Class KMeans

java.lang.Object
edu.cmu.tetrad.cluster.KMeans
All Implemented Interfaces:
ClusteringAlgorithm

public class KMeans extends Object implements ClusteringAlgorithm
Implements the "batch" version of the K Means clustering algorithm-- that is, in one sweep, assign each point to its nearest center, and then in a second sweep, reset each center to the mean of the cluster for that center, repeating until convergence.

Note that this algorithm is guaranteed to converge, since the total squared error is guaranteed to be reduced at each step.

Version:
$Id: $Id
Author:
josephramsey
  • Method Summary

    Modifier and Type
    Method
    Description
    void
    Clusters the given data set.
    getCluster(int k)
    getCluster.
    Getter for the field clusters.
    int
    Return the maximum number of iterations, or -1 if the algorithm is allowed to run unconstrainted.
    int
    getNumClusters.
    boolean
    isVerbose.
    int
    iterations.
    static KMeans
    randomClusters(int numCenters)
    Constructs a new KMeansBatch, initializing the algorithm by randomly assigning each point in the data to one of the numCenters clusters, then calculating the centroid of each cluster.
    static KMeans
    randomPoints(int numCenters)
    Constructs a new KMeansBatch, initializing the algorithm by picking numCeneters centers randomly from the data itself.
    void
    setMaxIterations(int maxIterations)
    Sets the maximum number of iterations, or -1 if the algorithm is allowed to run unconstrainted.
    void
    setVerbose(boolean verbose)
    True iff verbose output should be printed.
    toString.

    Methods inherited from class java.lang.Object

    equals, getClass, hashCode, notify, notifyAll, wait, wait, wait
  • Method Details

    • randomPoints

      public static KMeans randomPoints(int numCenters)
      Constructs a new KMeansBatch, initializing the algorithm by picking numCeneters centers randomly from the data itself.
      Parameters:
      numCenters - The number of centers (clusters).
      Returns:
      The parametrized algorithm.
    • randomClusters

      public static KMeans randomClusters(int numCenters)
      Constructs a new KMeansBatch, initializing the algorithm by randomly assigning each point in the data to one of the numCenters clusters, then calculating the centroid of each cluster.
      Parameters:
      numCenters - The number of centers (clusters).
      Returns:
      The constructed algorithm.
    • cluster

      public void cluster(Matrix data)
      Clusters the given data set.

      Runs the batch K-means clustering algorithm on the data, returning a result.

      Specified by:
      cluster in interface ClusteringAlgorithm
      Parameters:
      data - An n x m double matrix with n cases (rows) and m variables (columns). Makes an int array c such that c[i] is the cluster that case i is placed into, or -1 if case i is not placed into a cluster (as a result of its being eliminated from consideration, for instance).
    • getClusters

      public List<List<Integer>> getClusters()

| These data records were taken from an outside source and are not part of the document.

Lemma signed_on_rays_of_real (N : nat) (phi : nat -> C) (sigma : R) :
  (forall t : C, in_domain phi t -> Im (Cpow t N) = 0 ->
     forall l : C, series_value phi t l -> Im l = 0) ->
  signed_on_rays sigma N phi.
Proof. intros H t Ht HtN l Hl; rewrite (H t Ht HtN l Hl); lra. Qed.

Lemma rest_eq_0_of_real (N : nat) (phi : nat -> C) :
  (1 <= N)%nat -> convergent phi -> signed_on_rays 1 N phi -> signed_on_rays (-1) N phi ->
  forall k, rest N phi k = RtoC 0.
Proof.
  intros HN Hconv Hpos Hneg; apply NNPP; intros Hrest.
  destruct (first_nonzero_coef _ Hrest) as [k0 [Hk0 Hpre]].
  destruct (rest_leading_coef N phi 1 k0 HN Hconv (or_introl eq_refl) Hpos Hpre Hk0) as [_ H1].
  destruct (rest_leading_coef N phi (-1) k0 HN Hconv (or_intror eq_refl) Hneg Hpre Hk0)
    as [_ H2].
  lra.
Qed.

Lemma rest_decomposition (N : nat) (phi : nat -> C) :
  (1 <= N)%nat -> convergent phi -> phi O = RtoC 0 -> signed_on_rays 1 N phi ->
  exists L, (1 <= L)%nat /\ exists b, 0 <= b /\
  exists psi1, convergent psi1 /\ psi1 O = RtoC 1 /\
  forall k, rest N phi k = Cmult (Cmult Ci (RtoC b)) (shift (2 * L * N) psi1 k).
Proof.
  intros HN Hconv H0 Hsign.
  destruct (classic (forall k, rest N phi k = RtoC 0)) as [Hzero|Hrest].
  { exists 1%nat; split; [lia|]; exists 0; split; [lra|].
    exists (fun _ => RtoC 1); split; [apply convergent_const|]; split; [reflexivity|].
    intros k; rewrite Hzero; ring. }
  destruct (first_nonzero_coef _ Hrest) as [k0 [Hk0 Hpre]].
  destruct (rest_leading_coef N phi 1 k0 HN Hconv (or_introl eq_refl) Hsign Hpre Hk0)
    as [[L HL] Hb].
  rewrite Rmult_1_l in Hb.
  assert (Hk0N : (k0 mod N = 0)%nat)
    by (rewrite HL; apply mul_2N_mod_N).
  assert (HL1 : (1 <= L)%nat).
  { destruct L as [|L]; [|lia]; exfalso; apply Hk0.
    rewrite HL, Nat.mul_0_r, rest_mod0, H0 by apply Nat.Div0.mod_0_l; reflexivity. }
  assert (Hlead : rest N phi k0 = Cmult Ci (RtoC (Im (phi k0)))).
  { rewrite rest_mod0 by assumption; apply injective_projections; simpl; ring. }
  destruct (convergent_shift_factor _ k0 (convergent_rest N phi Hconv) Hpre Hk0)
    as [psi1 [Hpsi1 [Hpsi10 Hfactor]]].
  exists L; split; [assumption|]; exists (Im (phi k0)); split; [lra|].
  exists psi1; split; [assumption|]; split; [assumption|].
  intros k; rewrite Hfactor, Hlead; do 3 f_equal; lia.
Qed.

Theorem proposition3p3 (N : nat) (phi : nat -> C) :
  (1 <= N)%nat ->
  convergent phi ->
  phi 0%nat = RtoC 0 ->
  (forall t : C, in_domain phi t -> Im (Cpow t N) = 0 ->
     forall l : C, series_value phi t l -> 0 <= Im l) ->
  (exists psi0 : nat -> R, convergentR psi0 /\
   exists L : nat, (1 <= L)%nat /\
   exists b : R, 0 <= b /\
   exists psi1 : nat -> C, convergent psi1 /\ psi1 0%nat = RtoC 1 /\
   forall k : nat,
     phi k = Cplus (subst_pow psi0 N k)
                   (Cmult (Cmult Ci (RtoC b)) (shift (2 * L * N) psi1 k)))
  /\
  ((forall t : C, in_domain phi t -> Im (Cpow t N) = 0 ->
      forall l : C, series_value phi t l -> Im l = 0)
   <->
   (exists psi0 : nat -> R, convergentR psi0 /\
      forall k : nat, phi k = subst_pow psi0 N k)).
Proof.
  intros HN Hconv H0 Hsign.
  assert (Hsign1 : signed_on_rays 1 N phi)
    by (intros t Ht HtN l Hl; rewrite Rmult_1_l; exact (Hsign t Ht HtN l Hl)).
  split; [|split].
  - exists (re_subseries phi N); split; [now apply re_subseries_convergentR|].
    destruct (rest_decomposition N phi HN Hconv H0 Hsign1)
      as [L [HL [b [Hb [psi1 [Hpsi1 [Hpsi10 Hrest]]]]]]].
    exists L; split; [assumption|]; exists b; split; [assumption|].
    exists psi1; split; [assumption|]; split; [assumption|].
    intros k; rewrite <- Hrest; apply phi_split_rest.
  - intros Hreal; exists (re_subseries phi N); split; [now apply re_subseries_convergentR|].
    intros k; rewrite (phi_split_rest N phi k).
    rewrite (rest_eq_0_of_real N phi HN Hconv (signed_on_rays_of_real N phi 1 Hreal)
               (signed_on_rays_of_real N phi (-1) Hreal)); ring.
  - intros [psi0 [_ Hpsi0]] t _ HtN l Hl; apply (Im_series_value_eq_0 phi t l); [|exact Hl].
    intros n; rewrite (psum_ext _ _ t n Hpsi0); now apply Im_psum_subst_pow.
Qed.
(* With $G$ as defined below, $G$ is steep at the relative boundary of $\mathcal{P}_{\rm s}$: for any $p_0\in\partial\mathcal{P}_{\rm s}$, any $p_1\in\mathcal{P}_{\rm s}$, and $p_t=(1-t)p_0+tp_1$, one has \[ \lim_{t\to+0}\frac{d}{dt}G(p_t)=-\infty , \] where for $t\in(0,1)$, $\frac{d}{dt}G(p_t)=\sum_{(x,y)\in\mathcal{E}}(p_1(x,y)-p_0(x,y))\log\frac{p_t(y|x)}{v_0(y|x)}$. In particular there exists $(x,y)\in\mathcal{E}$ with $p_0(x,y)=0$ and $p_t(y|x)\to0$ as $t\to+0$.
   Context: $\mathcal{X}$ is a finite set and $\mathcal{E}\subset\mathcal{X}^2$ is such that the directed graph $(\mathcal{X},\mathcal{E})$ is strongly connected (for every $(x,y)$ there is a directed path from $x$ to $y$). $\mathcal{W}(\mathcal{X},\mathcal{E})$ is the set of Markov kernels $w(y|x)$ on $\mathcal{X}$ ($w\ge0$, $\sum_y w(y|x)=1$) with $\{(x,y)\mid w(y|x)>0\}=\mathcal{E}$; fix $v_0\in\mathcal{W}(\mathcal{X},\mathcal{E})$. $\mathcal{P}_{\rm s}$ is the set of probability distributions $p$ on $\mathcal{X}^2$ that are stationary, i.e. $\sum_y p(x,y)=\sum_y p(y,x)$ for all $x$, and whose support equals $\mathcal{E}$; $\mathrm{cl}(\mathcal{P}_{\rm s})$ is its closure in $\mathbb{R}^{\mathcal{X}^2}$ (stationary distributions with support contained in $\mathcal{E}$) and $\partial\mathcal{P}_{\rm s}=\mathrm{cl}(\mathcal{P}_{\rm s})\setminus\mathcal{P}_{\rm s}$ (those whose support is a proper subset of $\mathcal{E}$). For $p\in\mathrm{cl}(\mathcal{P}_{\rm s})$, $\bar p(x)=\sum_y p(x,y)$, $p(y|x)=p(x,y)/\bar p(x)$ when $\bar p(x)>0$, and $G(p)=\sum_{(x,y)\in\mathcal{E}}p(x,y)\log\frac{p(x,y)}{v_0(y|x)}-\sum_{x}\bar p(x)\log\bar p(x)$ with $0\log0=0$. *)

From HB Require Import structures.
From mathcomp Require Import all_boot all_order all_algebra.
From mathcomp Require Import all_classical all_reals all_analysis.
Set Implicit Arguments. Unset Strict Implicit. Unset Printing Implicit Defensive.
Import Order.TTheory GRing.Theory Num.Theory.
Local Open Scope ring_scope.

(* Functions on X^2 are curried: p x y = p(x,y); a kernel w is stored as
   w x y = w(y|x).  The edge set E is a finite set of pairs. *)

Section Defs.
Context {R : realType} {X : finType}.

Definition strongly_connected (E : {set X * X}) : Prop :=
  forall x y : X, connect [rel a b | (a, b) \in E] x y.

Definition markov_kernel_on (E : {set X * X}) (w : X -> X -> R) : Prop :=
  [/\ forall x y, 0 <= w x y,
      forall x, \sum_(y : X) w x y = 1
    & forall x y, (0 < w x y) = ((x, y) \in E)].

      Getter for the field clusters.

      Specified by:
      getClusters in interface ClusteringAlgorithm
      Returns:
      a List object
    • getMaxIterations

      public int getMaxIterations()
      Return the maximum number of iterations, or -1 if the algorithm is allowed to run unconstrainted.
      Returns:
      This value.
    • setMaxIterations

      public void setMaxIterations(int maxIterations)
      Sets the maximum number of iterations, or -1 if the algorithm is allowed to run unconstrainted.
      Parameters:
      maxIterations - This value.
    • getNumClusters

      public int getNumClusters()

      getNumClusters.

      Returns:
      a int
    • getCluster

      public List<Integer> getCluster(int k)

      getCluster.

      Parameters:
      k - a int
      Returns:
      a List object
    • iterations

      public int iterations()

      iterations.

      Returns:
      the number of iterations.
    • toString

      public String toString()

      toString.

      Overrides:
      toString in class Object
      Returns:
      a string representation of the cluster result.
    • isVerbose

      public boolean isVerbose()

      isVerbose.

      Returns:
      a boolean
    • setVerbose

      public void setVerbose(boolean verbose)
      True iff verbose output should be printed.
      Specified by:
      setVerbose in interface ClusteringAlgorithm
      Parameters:
      verbose - True iff verbose output should be printed.